I, too, advocate that patients should be empowered to monitor their own therapy and to take charge. I think that sleep professionals do have a place and there will always be those patients that simply do not care. But for us that want to take charge we should have the blessings of the sleep professionals.
I support user involvement in CPAP therapy, but a caution is warranted: The FDA, for better or worse, has labeled PAP therapy to require physician prescription. Changing one's CPAP pressure is illegal, & to do so is in fact to practive medicine without license. My patients have heard me say many times that gladly there are no CPAP police enforcing these laws, but when we encourage the OSA community to take their therapy in hand, we must fully inform them of the regulatory environment.

My favorite approach is auto-adjust (APAP) or servo technology, which adapts by algorithm to user needs much better than most PAP users could on their own. Once prescribed and properly set up, APAP monitors the user's breathing & provides optimal pressures. I am encouraged to see that in some local markets APAP technology is being made available at CPAP prices. This is cost-effective because it reduces patient-physician interaction, which is one of the reasons some physicians resist the innovation.

Let's hope for & work toward the day when efficacy, and not protection of physician territory, is the rule.
If it is illegal for one to change THEIR own pressure -- I would like to see a copy where it states this within the law itself --meaning the actual statues. It IS illegal for a DME to change the pressure without a script -- but no ONE has been able to produce the exact context of the law about patients changing their OWN pressure.

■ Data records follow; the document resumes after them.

(* Let $\pi:P\to M$ be a principal fibre bundle with group $G=P^{-1}P$, in the setting described in the context, and assume $G$ is commutative. Let $\nabla$ be a connection in $PP^{-1}$ with connection form $\omega$. Then the unique $G$-valued 2-form $\Omega$ on $M$ with $\pi^*\Omega=d\omega$ equals the curvature $R_\nabla$ (regarded as a $G$-valued 2-form via the identification of gauge-valued forms with $G$-valued forms described in the context): $R_\nabla=\Omega$.
   Context: Setting: $\Phi$ is a groupoid whose object set contains a set $M$ and an object $*\notin M$; $P$ is the set of arrows of $\Phi$ with domain $*$ and codomain in $M$; $\pi:P\to M$ the codomain map; $G=P^{-1}P:=\Phi( *,* )$ acts on $P$ from the right by precomposition, freely and transitively on fibres. $PP^{-1}$ is the full subgroupoid of $\Phi$ on $M$, acting on $P$ from the left by postcomposition; composition is right to left. $M$ and $P$ carry reflexive symmetric neighbour relations $\sim$; an infinitesimal $k$-simplex is a $(k+1)$-tuple of mutual neighbours; $\pi$ preserves $\sim$; every infinitesimal $k$-simplex in $M$ lifts to one in $P$ starting at any prescribed point over its first vertex; the right action of each $g\in G$ preserves $\sim$. A connection in $PP^{-1}$ assigns to each $a\sim b$ in $M$ an arrow $\nabla(a,b):b\to a$ of $PP^{-1}$, with $\nabla(a,a)=\mathrm{id}$, $\nabla(b,a)=\nabla(a,b)^{-1}$; its connection form is $\omega(u,v):=u^{-1}(\nabla(\pi u,\pi v)\cdot v)\in G$; its curvature is $R_\nabla(a_0,a_1,a_2)=\nabla(a_0,a_1)\nabla(a_1,a_2)\nabla(a_2,a_0)\in PP^{-1}(a_0,a_0)$. For a $G$-valued 1-form, $d\omega(x_0,x_1,x_2)=\omega(x_0,x_1)\omega(x_1,x_2)\omega(x_2,x_0)$. For a $G$-valued 2-form $\Omega$ on $M$, $(\pi^*\Omega)(u_0,u_1,u_2)=\Omega(\pi u_0,\pi u_1,\pi u_2)$. When $G$ is commutative, each endo-arrow $h\in PP^{-1}(a,a)$ written as $h=yx^{-1}$ with $x,y\in\pi^{-1}(a)$ is identified with $x^{-1}y\in G$ (independent of the choice of representation); this identifies the gauge group bundle with $M\times G$ and gauge-valued forms on $M$ with $G$-valued forms on $M$. *)

From Stdlib Require Import Arith.
Set Implicit Arguments.

Record groupoid := Groupoid {
  Obj : Type;
  Hom : Obj -> Obj -> Type;
  comp : forall x y z : Obj, Hom y z -> Hom x y -> Hom x z;
  idg : forall x : Obj, Hom x x;
  invg : forall x y : Obj, Hom x y -> Hom y x;
  compA : forall (x y z w : Obj) (f : Hom z w) (g : Hom y z) (h : Hom x y),
      comp f (comp g h) = comp (comp f g) h;
  comp1g : forall (x y : Obj) (f : Hom x y), comp (idg y) f = f;
  compg1 : forall (x y : Obj) (f : Hom x y), comp f (idg x) = f;
  compVg : forall (x y : Obj) (f : Hom x y), comp (invg f) f = idg x;
  compgV : forall (x y : Obj) (f : Hom x y), comp f (invg f) = idg y
}.

Arguments comp {g0 x y z}.
Arguments idg {g0}.
Arguments invg {g0 x y}.

Definition inf_simplex (T : Type) (nb : T -> T -> Prop) (k : nat) (x : nat -> T) : Prop :=
  forall i j, i <= k -> j <= k -> nb (x i) (x j).

Section Bundle.
Variables (Phi : groupoid) (M : Type) (iM : M -> Obj Phi) (star : Obj Phi).

(* P = arrows of Phi with domain * and codomain in M *)
Definition Parr : Type := { a : M & Hom Phi star (iM a) }.

Definition piP (u : Parr) : M := projT1 u.

(* right action of G = Phi(*,*) by precomposition *)
Definition ract (u : Parr) (g : Hom Phi star star) : Parr :=
  existT _ (projT1 u) (comp (projT2 u) g).

Definition conn_form (nabla : forall a b : M, Hom Phi (iM b) (iM a))
    (u v : Parr) : Hom Phi star star :=
  comp (invg (projT2 u)) (comp (nabla (projT1 u) (projT1 v)) (projT2 v)).

Definition dform (T : Type) (omega : T -> T -> Hom Phi star star) (x0 x1 x2 : T)
    : Hom Phi star star :=
  comp (omega x0 x1) (comp (omega x1 x2) (omega x2 x0)).

Definition curvature (nabla : forall a b : M, Hom Phi (iM b) (iM a)) (a0 a1 a2 : M)
    : Hom Phi (iM a0) (iM a0) :=
  comp (nabla a0 a1) (comp (nabla a1 a2) (nabla a2 a0)).

End Bundle.

Arguments Parr {Phi M} iM star.
Arguments piP {Phi M iM star} u.
Arguments ract {Phi M iM star} u g.
Arguments conn_form {Phi M iM star} nabla u v.
Arguments dform {Phi star T} omega x0 x1 x2.
Arguments curvature {Phi M iM} nabla a0 a1 a2.

(* Transporting d omega along a point u over a0 gives
   d omega (u, u1, u2) = u^{-1} R(a0, a1, a2) u: every inner factor u_i u_i^{-1}
   cancels. Lifting the simplex (a0, a1, a2) starting at the given x, the relation
   pi^* Omega = d omega makes Omega(a0, a1, a2) the conjugate of R = y x^{-1} by x,
   which is x^{-1} y. *)
From Stdlib Require Import Arith Lia.
Set Implicit Arguments.

Arguments compA {g0 x y z w}.
Arguments compgV {g0 x y}.
Arguments compVg {g0 x y}.
Arguments comp1g {g0 x y}.
Arguments compg1 {g0 x y}.

Definition triple (T : Type) (t0 t1 t2 : T) (i : nat) : T :=
  match i with 0 => t0 | 1 => t1 | _ => t2 end.

Lemma inf_simplex_ext (T : Type) (nb : T -> T -> Prop) (k : nat) (x y : nat -> T) :
  (forall i, i <= k -> x i = y i) -> inf_simplex nb k x -> inf_simplex nb k y.
Proof.
  intros Exy Hx i j Hi Hj.
  rewrite <- (Exy i Hi), <- (Exy j Hj).
  apply Hx; assumption.
Qed.

Lemma inf_simplex2_triple (T : Type) (nb : T -> T -> Prop) (y : nat -> T) :
  inf_simplex nb 2 y -> inf_simplex nb 2 (triple (y 0) (y 1) (y 2)).
Proof.
  apply inf_simplex_ext.
  intros [|[|[|i]]] Hi; try reflexivity.
  exfalso; lia.
Qed.

Section GroupoidCancel.
Variable G : groupoid.

Lemma comp_cancel_invg (s b c d : Obj G) (p : Hom G s b) (h : Hom G b c) (k : Hom G d b) :
  comp (comp h p) (comp (invg p) k) = comp h k.
Proof. rewrite <- compA, (compA p), compgV, comp1g. reflexivity. Qed.

Lemma conj_comp_invg (s a : Obj G) (x y : Hom G s a) :
  comp (invg x) (comp (comp y (invg x)) x) = comp (invg x) y.
Proof. rewrite <- compA, compVg, compg1. reflexivity. Qed.

End GroupoidCancel.

Lemma dform_conn_form (Phi : groupoid) (M : Type) (iM : M -> Obj Phi) (star : Obj Phi)
  (nabla : forall a b : M, Hom Phi (iM b) (iM a)) (u0 u1 u2 : Parr iM star) :
  dform (conn_form nabla) u0 u1 u2 =
  comp (invg (projT2 u0)) (comp (curvature nabla (piP u0) (piP u1) (piP u2)) (projT2 u0)).
Proof.
  destruct u0 as [a0 p0], u1 as [a1 p1], u2 as [a2 p2].
  unfold dform, conn_form, curvature, piP; simpl.
  rewrite (compA (invg p1)), comp_cancel_invg.
  rewrite (compA (invg p0)), <- (compA (invg p1)), comp_cancel_invg.
  rewrite <- !compA. reflexivity.
Qed.

Section Pullback.
Variables (Phi : groupoid) (M : Type) (iM : M -> Obj Phi) (star : Obj Phi).
Variables (nbM : M -> M -> Prop) (nbP : Parr iM star -> Parr iM star -> Prop).
Hypothesis lift : forall (k : nat) (x : nat -> M), inf_simplex nbM k x ->
  forall u0 : Parr iM star, piP u0 = x 0 ->
  exists y : nat -> Parr iM star,
    y 0 = u0 /\ (forall i, i <= k -> piP (y i) = x i) /\ inf_simplex nbP k y.
Variable nabla : forall a b : M, Hom Phi (iM b) (iM a).
Variable Omega : M -> M -> M -> Hom Phi star star.
Hypothesis hOmega : forall u0 u1 u2 : Parr iM star,
  inf_simplex nbP 2 (triple u0 u1 u2) ->
  Omega (piP u0) (piP u1) (piP u2) = dform (conn_form nabla) u0 u1 u2.

Lemma Omega_conj_curvature (a0 a1 a2 : M) (p : Hom Phi star (iM a0)) :
  inf_simplex nbM 2 (triple a0 a1 a2) ->
  Omega a0 a1 a2 = comp (invg p) (comp (curvature nabla a0 a1 a2) p).
Proof.
  intros Ha.
  destruct (lift Ha (existT _ a0 p) eq_refl) as [u [Hu0 [Hpi Hu]]].
  assert (E1 : piP (u 1) = a1) by (apply (Hpi 1); lia).
  assert (E2 : piP (u 2) = a2) by (apply (Hpi 2); lia).
  pose proof (hOmega (inf_simplex2_triple Hu)) as H.
  rewrite dform_conn_form, Hu0, E1, E2 in H.
  exact H.
Qed.

End Pullback.

Theorem corollary1
  (Phi : groupoid) (M : Type) (iM : M -> Obj Phi) (star : Obj Phi)
  (* the object set of Phi contains M and an object * not in M *)
  (iM_inj : forall a b : M, iM a = iM b -> a = b)
  (star_notin : forall a : M, iM a <> star)
  (* neighbour relations *)
  (nbM : M -> M -> Prop) (nbP : Parr iM star -> Parr iM star -> Prop)
  (nbM_refl : forall a, nbM a a) (nbM_sym : forall a b, nbM a b -> nbM b a)
  (nbP_refl : forall u, nbP u u) (nbP_sym : forall u v, nbP u v -> nbP v u)
  (pi_nb : forall u v, nbP u v -> nbM (piP u) (piP v))
  (lift : forall (k : nat) (x : nat -> M), inf_simplex nbM k x ->
      forall u0 : Parr iM star, piP u0 = x 0 ->
      exists y : nat -> Parr iM star,
        y 0 = u0 /\ (forall i, i <= k -> piP (y i) = x i) /\ inf_simplex nbP k y)
  (ract_nb : forall (g : Hom Phi star star) u v, nbP u v -> nbP (ract u g) (ract v g))
  (* G is commutative *)
  (G_comm : forall g h : Hom Phi star star, comp g h = comp h g)
  (* a connection in P P^{-1} *)
  (nabla : forall a b : M, Hom Phi (iM b) (iM a))
  (nabla_refl : forall a, nabla a a = idg (iM a))
  (nabla_sym : forall a b, nbM a b -> nabla b a = invg (nabla a b))
  (* a G-valued 2-form Omega on M with pi^* Omega = d omega *)
  (Omega : M -> M -> M -> Hom Phi star star)
  (hOmega : forall u0 u1 u2 : Parr iM star,
      inf_simplex nbP 2 (fun i => match i with 0 => u0 | 1 => u1 | _ => u2 end) ->
      Omega (piP u0) (piP u1) (piP u2) = dform (conn_form nabla) u0 u1 u2) :
  (* R_nabla = Omega, with R(a0,a1,a2) = y x^{-1} identified with x^{-1} y *)
  forall a0 a1 a2 : M,
    inf_simplex nbM 2 (fun i => match i with 0 => a0 | 1 => a1 | _ => a2 end) ->
    forall x y : Hom Phi star (iM a0),
      curvature nabla a0 a1 a2 = comp y (invg x) ->
      Omega a0 a1 a2 = comp (invg x) y.
Proof.
  intros a0 a1 a2 Ha x y HR.
  rewrite (Omega_conj_curvature lift _ _ hOmega x Ha), HR.
  apply conj_comp_invg.
Qed.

As such you, as a RTT, have to make full disclosure about changing pressure since YOU can not change pressure without a doctor's script.

If you are proactive, have the software, are prudent about your changes I see no reason why one shouldn't change THEIR own pressure.

A diabetic is allowed to monitor their therapy and adjust accordingly. This is far more dangerous than a machine blowing air. And does the law ACTUALLY state in diabetes therapy that it is okay for them to do these things or is it just "understood" that they will be proactive.
Oh, HORSEPUCKIES!!! I get so darned tired of reading this blatant piece of BS that it is illegal for patients to change their CPAP pressure settings!!!! THERE IS NO LAW IN ANY STATE OR BY THE FEDERAL GOVERNMENT PROHIBITING PATIENTS FROM CHANGING THEIR CPAP SETTINGS!!! It is NOT illegal to change YOUR OWN settings! You are NOT practicing medicine w/o a license if you change YOUR OWN settings!!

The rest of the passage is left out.